▶ **Dataset**:
Lemma log2_le_e eps C n k e : 0 < eps -> 0 < C -> (0 < k)%N -> (0 < n)%N ->
  INR k <= C * Rpower (INR n) (1/2 - eps) -> (n < k * k * 2 ^ (2 * e + 10))%N ->
  2 * (4 * ln 2 + ln C) / eps <= ln (INR n) -> eps / 2 * log2 (INR n) <= INR (e + 1).
Proof.
move=> eps0 C0 k0 n0 kC n_lt n_large; have lnk := ln_k_le C0 k0 kC.
have nR : 0 < INR n by apply: lt_0_INR; lia.
have kR : 0 < INR k by apply: lt_0_INR; lia.
have ln2 := ln2_gt0.
have two_pow : 0 < 2 ^ (2 * e + 10) by apply: pow_lt; lra.
have lnN : ln (INR (k * k * 2 ^ (2 * e + 10))) = 2 * ln (INR k) + (2 * INR (e + 1) + 8) * ln 2.
  rewrite !INR_muln INR_expn INR_2 ln_mult; [|nra|exact: two_pow].
  rewrite ln_mult // ln_pow; last lra.
  by rewrite INR_addn INR_muln INR_addn INR_2 /=; lra.
have := ln_increasing _ _ nR (lt_INR _ _ (ltP n_lt)); rewrite lnN => lnn.
have eps_lnn : 4 * ln 2 + ln C <= eps * ln (INR n) / 2.
  have := Rmult_le_compat_r (eps / 2) _ _ (ltac:(lra) : 0 <= eps / 2) n_large.
  by rewrite (_ : 2 * (4 * ln 2 + ln C) / eps * (eps / 2) = 4 * ln 2 + ln C); [lra | field; lra].
apply: (Rmult_le_reg_r (ln 2)) => //.
by rewrite /log2 (_ : eps / 2 * (ln (INR n) / ln 2) * ln 2 = eps * ln (INR n) / 2); [nra | field; lra].
Qed.

Close Scope R_scope.

Theorem mainTheorem14 (eps C : R) (Heps : (0 < eps)%R) (HC : (0 < C)%R) :
  exists c1 c2 : R, (0 < c1)%R /\ (0 < c2)%R /\
  exists n0 : nat, forall n k : nat,
    (n0 <= n)%N -> (2 <= k)%N ->
    (INR k <= C * Rpower (INR n) (1/2 - eps))%R ->
    exists S : seq nat,
      (0 < size S)%N /\ all (in_range n) S /\
      (WS S <= c1 * INR (size S) * log2 (INR k))%R /\
      LF_ge n k S (c2 * INR (size S) * log2 (INR n / INR k))%R.
Proof.
exists 3%R, (eps / 8)%R; split; first lra; split; first lra.
have [n0 n0_gt0 n_large] :=
  ln_INR_eventually_gt (Rmax (2 * (ln 4 + ln C)) (2 * (4 * ln 2 + ln C) / eps)).
exists n0 => n k n0n k2 kC.
have n_gt0 : 0 < n := leq_trans n0_gt0 n0n.
have k_gt0 : 0 < k := ltnW k2.
have [/Rlt_le n_large1 /Rlt_le n_large2] := proj1 (Rmax_Rlt _ _ _) (n_large n n0n).
have [A0 h0 hAL rare n_lt] := ap_params k2 (four_k_le_n Heps HC k_gt0 n_gt0 kC n_large1).
have e_large := log2_le_e Heps HC k_gt0 n_gt0 kC n_lt n_large2.
exists (ap_seq (n %/ (4 * k)) (n %/ 2) n (2 * k)).
set S := ap_seq _ _ _ _; have m0 := pos_INR (size S).
split; [|split; [|split]].
- by rewrite size_ap_seq !muln_gt0 A0 h0 n_gt0 /=; lia.
- by apply: ap_seq_in_range => //; lia.
- apply: Rle_trans (WS_ap_seq_le h0 n_gt0 _ hAL) _; first lia.
  rewrite -/S [(3 * _)%R]Rmult_comm Rmult_assoc.
  exact: Rmult_le_compat_l m0 (log2_double_add1_le k2).
- apply: LF_ge_le (LF_ge_ap_seq h0 hAL rare) _; rewrite -/S.
  have epsm0 : (0 <= eps / 8 * INR (size S))%R by apply: Rmult_le_pos; lra.
  by have := Rmult_le_compat_l _ _ _ epsm0 (log2_div_le n_gt0 k_gt0); nra.
Qed.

▶ **Directions**: What lines in the material above contain the word "exact"? Copy them out.

▶ **Response for this exercise**:
  rewrite !INR_muln INR_expn INR_2 ln_mult; [|nra|exact: two_pow].
  exact: Rmult_le_compat_l m0 (log2_double_add1_le k2).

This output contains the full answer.